弦月は天にあるが月はまだ若く夜色は薄暗い。敵の水雷艇はこのような暗夜に乗じて我が艦隊に容易に近づくことができる。我が駆逐艦はみな昨夜から曳船をやめて自力で航行している。夜間にはその艦影をほとんど見ることができない。ただわずかに海上に朦朧として黒い影があるのを見るだけである。
日本の艦隊が我が艦隊を襲撃して成功を収める可能性はたいへん高い。我が艦隊は空しく費やした4時間を回復しようとして速力を増した。ただ回復できるかどうかは疑問である。何事かをしようとすれば,また他に時間を費やさざるを得ない。
サイゴンからカムラン湾まで,フランス人が鉄道を敷設したということである。もしこの鉄道が全通していれば我が艦隊がカムラン湾に到着するときにどれだけの利便が齎されるかはわからない。しかし,いずれにしてもひとつの噂に過ぎない。確たることは誰も知らない。
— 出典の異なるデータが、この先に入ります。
(* Let $n\ge1$, $s\in\{1,\dots,n\}$ and let $C\in\mathbb{R}^{n\times n}$ be symmetric positive definite. Let $x^*$ be an optimal solution of the problem defining $\hat z(\lambda_{\min}(C))$, and let $\lambda^*=(\lambda^*_1\ge\dots\ge\lambda^*_n)\in\mathbb{R}^n_+$ be the eigenvalues of $M_{\lambda_{\min}(C)}(x^* )$ in nonincreasing order (with $\lambda^*_{n+1}:=0$ if $s=n$). Then $$\hat z^D(\lambda_{\min}(C))-\hat z(\lambda_{\min}(C))\ge\Theta^{lb}:=\Big(\frac{1}{\lambda^*_{s+1}+\lambda_{\min}(C)}-\frac{1}{\lambda^*_s+\lambda_{\min}(C)}\Big)\sum_{i=s+1}^n\lambda^*_i\ge0.$$
   Context: $\lambda_{\min}(C)$ is the smallest eigenvalue of $C$. For $0\le t\le\lambda_{\min}(C)$ let $A(t)\in\mathbb{R}^{n\times n}$ be a Cholesky factor of $C-tI$ (so $C-tI=A(t)^\top A(t)$), with $i$-th column $a_i(t)$, and for $x\in[0,1]^n$ let $M_t(x)=\sum_i x_i a_i(t)a_i(t)^\top$. For a positive semidefinite $X$ with eigenvalues $\lambda_1(X)\ge\dots\ge\lambda_n(X)$, $\Phi_s(X;t)=\sum_{i=1}^s\log(\lambda_i(X)+t)$ (natural log); $\widehat{\Phi}_s(\cdot\,;t)$ is its concave envelope on the cone of $n\times n$ positive semidefinite matrices (pointwise infimum of all concave functions there that are $\ge\Phi_s(\cdot\,;t)$). $\hat z(t)=\max\{\widehat{\Phi}_s(M_t(x);t) : x\in[0,1]^n,\ \sum_i x_i=s\}$, and for $t>0$, $\hat z^D(t)=\max\{\log\det(M_t(x)+tI) : x\in[0,1]^n,\ \sum_i x_i=s\}-(n-s)\log(t)$. *)

From HB Require Import structures.
From mathcomp Require Import all_boot all_order all_algebra.
From mathcomp Require Import boolp classical_sets reals ereal exp.
Set Implicit Arguments. Unset Strict Implicit. Unset Printing Implicit Defensive.
Import Order.TTheory GRing.Theory Num.Theory.
Local Open Scope ring_scope.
マラッカ海峡に入ってこれまで航行してきたが,その間いまだ一隻の汽船にも遭遇していない。夜間はときどき何かの火光が見られた。また,日中に一度,地平線上に煤煙を見たことがあった。それもわずかに認めたに過ぎなかった。
暴風雨の前には静かになるのが普通である。いまはまさにこの状態である。各士官は夜間にその管掌の砲側を離れてはならないという信号命令があった。一般の乗員はすでにだいぶ前から砲側で寝ている。もっとも警戒しなければならないのは夜間の水雷攻撃である。
多くの汽船に出会い始めた。それらの汽船はみなよく注意して我が艦隊の航路を避けて通過した。いままでは海上は鏡のように静かだったのだが,いま強風に雨を交えて吹き出した。
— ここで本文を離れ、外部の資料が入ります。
(* Consider algorithm TRIEST-BASE (described in the context) run with integer parameter $M\ge 6$ on an insertion-only edge stream. For every time $t$: if $t\le M$ then $\xi^{(t)}\tau^{(t)}=\tau^{(t)}=|\Delta^{(t)}|$, and if $t>M$ then $\mathbb{E}\left[\xi^{(t)}\tau^{(t)}\right]=|\Delta^{(t)}|$.
   Context: An insertion-only edge stream: at each time step $t=1,2,\dots$ an edge $e_t=\{u,v\}$ between two distinct vertices arrives, which is not already present; $G^{(t)}=(V^{(t)},E^{(t)})$ with $E^{(t)}=\{e_1,\dots,e_t\}$. A triangle in $G^{(t)}$ is a set of three edges $\{\{u,v\},\{v,w\},\{w,u\}\}\subseteq E^{(t)}$ with $u,v,w$ distinct; $\Delta^{(t)}$ is the set of all triangles of $G^{(t)}$. TRIEST-BASE maintains an edge sample $\mathcal{S}$ (initially empty) by reservoir sampling with capacity $M$: at time $t$, if $t\le M$ the edge $e_t$ is inserted into $\mathcal{S}$; if $t>M$, with probability $M/t$ an edge chosen uniformly at random from $\mathcal{S}$ is removed from $\mathcal{S}$ and then $e_t$ is inserted, otherwise $\mathcal{S}$ is unchanged. It maintains a counter $\tau$ (initially $0$): immediately after an edge $\{u,v\}$ is inserted into (resp. removed from) $\mathcal{S}$, $\tau$ is increased (resp. decreased) by $|\mathcal{N}^{\mathcal{S}}_{u,v}|$, the number of vertices $c$ such that both $\{c,u\}$ and $\{c,v\}$ are in the current $\mathcal{S}$. $\tau^{(t)}$ denotes the value of $\tau$ at the end of time step $t$. For positive integers $a\le\min\{M,b\}$, $\xi_{a,b}=1$ if $b\le M$ and $\xi_{a,b}=\prod_{i=0}^{a-1}\frac{b-i}{M-i}$ otherwise; $\xi^{(t)}=\xi_{3,t}$. The algorithm's estimate of $|\Delta^{(t)}|$ is $\xi^{(t)}\tau^{(t)}$. *)

(* TRIEST-BASE modelled as an explicit finite probability
   distribution (a weighted list of outcomes) over the algorithm's state. *)
From mathcomp Require Import all_boot all_order all_algebra.
Set Implicit Arguments. Unset Strict Implicit. Unset Printing Implicit Defensive.
Import Order.TTheory GRing.Theory Num.Theory.
Local Open Scope ring_scope.

(* An (undirected) edge {u,v} is given by a pair of vertices (nat);
   (u,v) and (v,u) denote the same edge. *)
Definition edge := (nat * nat)%type.
Definition enorm (e : edge) : edge := (minn e.1 e.2, maxn e.1 e.2).

Definition adj (S : seq edge) (a b : nat) : bool := ((a, b) \in S) || ((b, a) \in S).

Definition verts (S : seq edge) : seq nat := undup (flatten [seq [:: e.1; e.2] | e <- S]).

Definition nbhd (S : seq edge) (u v : nat) : seq nat :=
  [seq c <- verts S | adj S c u && adj S c v].

(* triangles of the graph with edge set E, each listed once by its vertex
   triple a < b < c (a triangle {{a,b},{b,c},{c,a}} is determined by {a,b,c}) *)
Definition triangles (E : seq edge) : seq (nat * nat * nat) :=
  [seq x <- flatten [seq [seq (ab, c) | ab <- [seq (a, b) | a <- verts E, b <- verts E]] | c <- verts E] |
     let: (a, b, c) := x in
     [&& (a < b)%N, (b < c)%N, adj E a b, adj E b c & adj E a c]].

(* an insertion-only edge stream e_1, e_2, ... (e 0 is unused) *)
Definition valid_stream (e : nat -> edge) : Prop :=
  (forall t, (0 < t)%N -> (e t).1 != (e t).2) /\
  (forall s t, (0 < s)%N -> (s < t)%N -> enorm (e s) != enorm (e t)).

Definition E_at (e : nat -> edge) (t : nat) : seq edge := [seq e i | i <- iota 1 t].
館内にはいたるところに火災のときに備えるために消火粉を入れた缶と包帯材料を入れた袋を配置した。私はこの消火粉の効果を信用していない。
その生死に関して疑義のあった水兵は今日葬った。駆逐艦でだれかが規定どおりの祈祷文を読み,司祭(牧師)が遠く立って十字架で遺骸を祝福し,その遺骸を直ちに海に下した。何と簡単な葬儀であったろう。
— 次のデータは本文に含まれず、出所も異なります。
(* Let $X$ be a compact metrizable space, let $f\in\mathrm{C}(X)$ be self-adjoint, and let $\varepsilon>0$. Then there exist $n\in\mathbb N$ and self-adjoint $f_1,\dots,f_n\in\mathrm{C}(X)$ such that $\|f-f_i\|_\infty<\varepsilon$ for $i=1,\dots,n$, and $\frac1n\,|\{1\le i\le n: f_i(x)=0\}|<\varepsilon$ for all $x\in X$. *)

From HB Require Import structures.
From mathcomp Require Import all_boot all_order all_algebra.
From mathcomp Require Import all_classical all_reals all_analysis.
Set Implicit Arguments. Unset Strict Implicit. Unset Printing Implicit Defensive.
Import Order.TTheory GRing.Theory Num.Theory.
Import numFieldNormedType.Exports.
Local Open Scope classical_set_scope.
Local Open Scope ring_scope.

Definition supnorm (R : realType) (X : Type) (g : X -> R) : R :=
  sup [set `|g x| | x in [set: X]].

From HB Require Import structures.
From mathcomp Require Import all_boot all_order all_algebra.
From mathcomp Require Import all_classical all_reals all_analysis.
Set Implicit Arguments. Unset Strict Implicit. Unset Printing Implicit Defensive.
Import Order.TTheory GRing.Theory Num.Theory.
Import numFieldNormedType.Exports.
Local Open Scope classical_set_scope.
Local Open Scope ring_scope.

(* Take f_i := f + eps i / n for i < n, with n > 1/eps. The shifts are
   distinct and lie in [0, eps), so every f_i is eps-close to f and at most
   one f_i vanishes at any given point, whence the proportion is <= 1/n < eps. *)

Lemma card_fiber_le1 (I : finType) (T : eqType) (g : I -> T) (y : T) :
  injective g -> (#|[pred i | g i == y]| <= 1)%N.
Proof.
move=> g_inj; apply/card_le1_eqP => i j; rewrite !inE => /eqP gi /eqP gj.
by apply: g_inj; rewrite gi gj.
Qed.

Section Shifts.
Variable R : realType.

Lemma supnorm_cst (X : Type) (c : R) : supnorm (fun _ : X => c) <= `|c|.
Proof.
rewrite /supnorm; have [[x0 _]|noX] := pselect (exists x : X, True).
  have -> : [set `|c| | x in [set: X]] = [set `|c|].
    by apply/seteqP; split => [y [x _ <-]//|y ->]; exists x0.
  by rewrite sup1.
have -> : [set `|c| | x in [set: X]] = set0.
  by apply/seteqP; split => [y [x _ _]|y //]; apply: noX; exists x.
by rewrite sup0.
Qed.

Lemma supnorm_subDr (X : Type) (f : X -> R) (c : R) :
  supnorm (fun x => f x - (f x + c)) <= `|c|.
Proof.
have -> : (fun x => f x - (f x + c)) = (fun _ => - c).
  by apply/funext => x; rewrite opprD addrA subrr add0r.
by rewrite -normrN; apply: supnorm_cst.
Qed.

Definition grid (eps : R) (n : nat) (i : 'I_n) : R := eps * i%:R / n%:R.

Variable eps : R.
Hypothesis eps_gt0 : 0 < eps.

Lemma grid_ge0 n (i : 'I_n) : 0 <= grid eps i.
Proof. by rewrite divr_ge0 // mulr_ge0 // ltW. Qed.

Lemma grid_lt n (i : 'I_n) : grid eps i < eps.
Proof.
have n_gt0 : 0 < n%:R :> R by rewrite ltr0n (leq_ltn_trans (leq0n i)).
by rewrite ltr_pdivrMr // ltr_pM2l // ltr_nat.
Qed.

Lemma grid_inj n : injective (@grid eps n).
Proof.
move=> i j /(congr1 (fun t => t * n%:R / eps)).
have n_gt0 : (0 < n)%N := leq_ltn_trans (leq0n i) (ltn_ord i).
rewrite !mulfVK ?pnatr_eq0 -?lt0n // ![eps * _]mulrC !mulfK ?gt_eqF //.
by move/eqP; rewrite eqr_nat => /eqP/val_inj.
Qed.

Lemma truncn_invS_inv_lt : ((Num.truncn eps^-1).+1%:R)^-1 < eps.
Proof.
by rewrite -[X in _ < X]invrK ltf_pV2 ?posrE ?invr_gt0 // truncnS_gt.
Qed.

End Shifts.

Theorem lemma3p6 (R : realType) (X : pseudoMetricType R)
    (hX : hausdorff_space X) (cX : compact [set: X])
    (f : X -> R) (hf : continuous f) (eps : R) (heps : 0 < eps) :
  exists (n : nat) (F : 'I_n -> X -> R),
    (0 < n)%N /\
    (forall i, continuous (F i)) /\
    (forall i, supnorm (fun x => f x - F i x) < eps) /\
    (forall x : X, (#|[pred i : 'I_n | F i x == 0]|%:R / n%:R : R) < eps).
Proof.
set n := (Num.truncn eps^-1).+1.
exists n, (fun i x => f x + grid eps i); split => //; split; [|split].
- by move=> i x; apply: cvgD; [exact: hf | exact: cvg_cst].
- move=> i; apply: le_lt_trans (supnorm_subDr _ _) _.
  by rewrite ger0_norm ?grid_ge0 ?grid_lt.
- move=> x; apply: le_lt_trans (truncn_invS_inv_lt heps).
  rewrite -[X in _ <= X]mul1r ler_pM2r ?invr_gt0 ?ltr0n // lern1.
  apply: card_fiber_le1 => i j /addrI; exact: grid_inj.
Qed.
昼食後にまたも3時間ほど艦長とともにブリッジの上にいてお茶を飲んだ。艦長からウラジオのことや,その生活上の状態などを聞いた。
今日の午後からカムラン湾まではまだ2100露里を残している。我々は途中でもし戦争もなく停船問題もなければ,この行程を7日間で航行できる。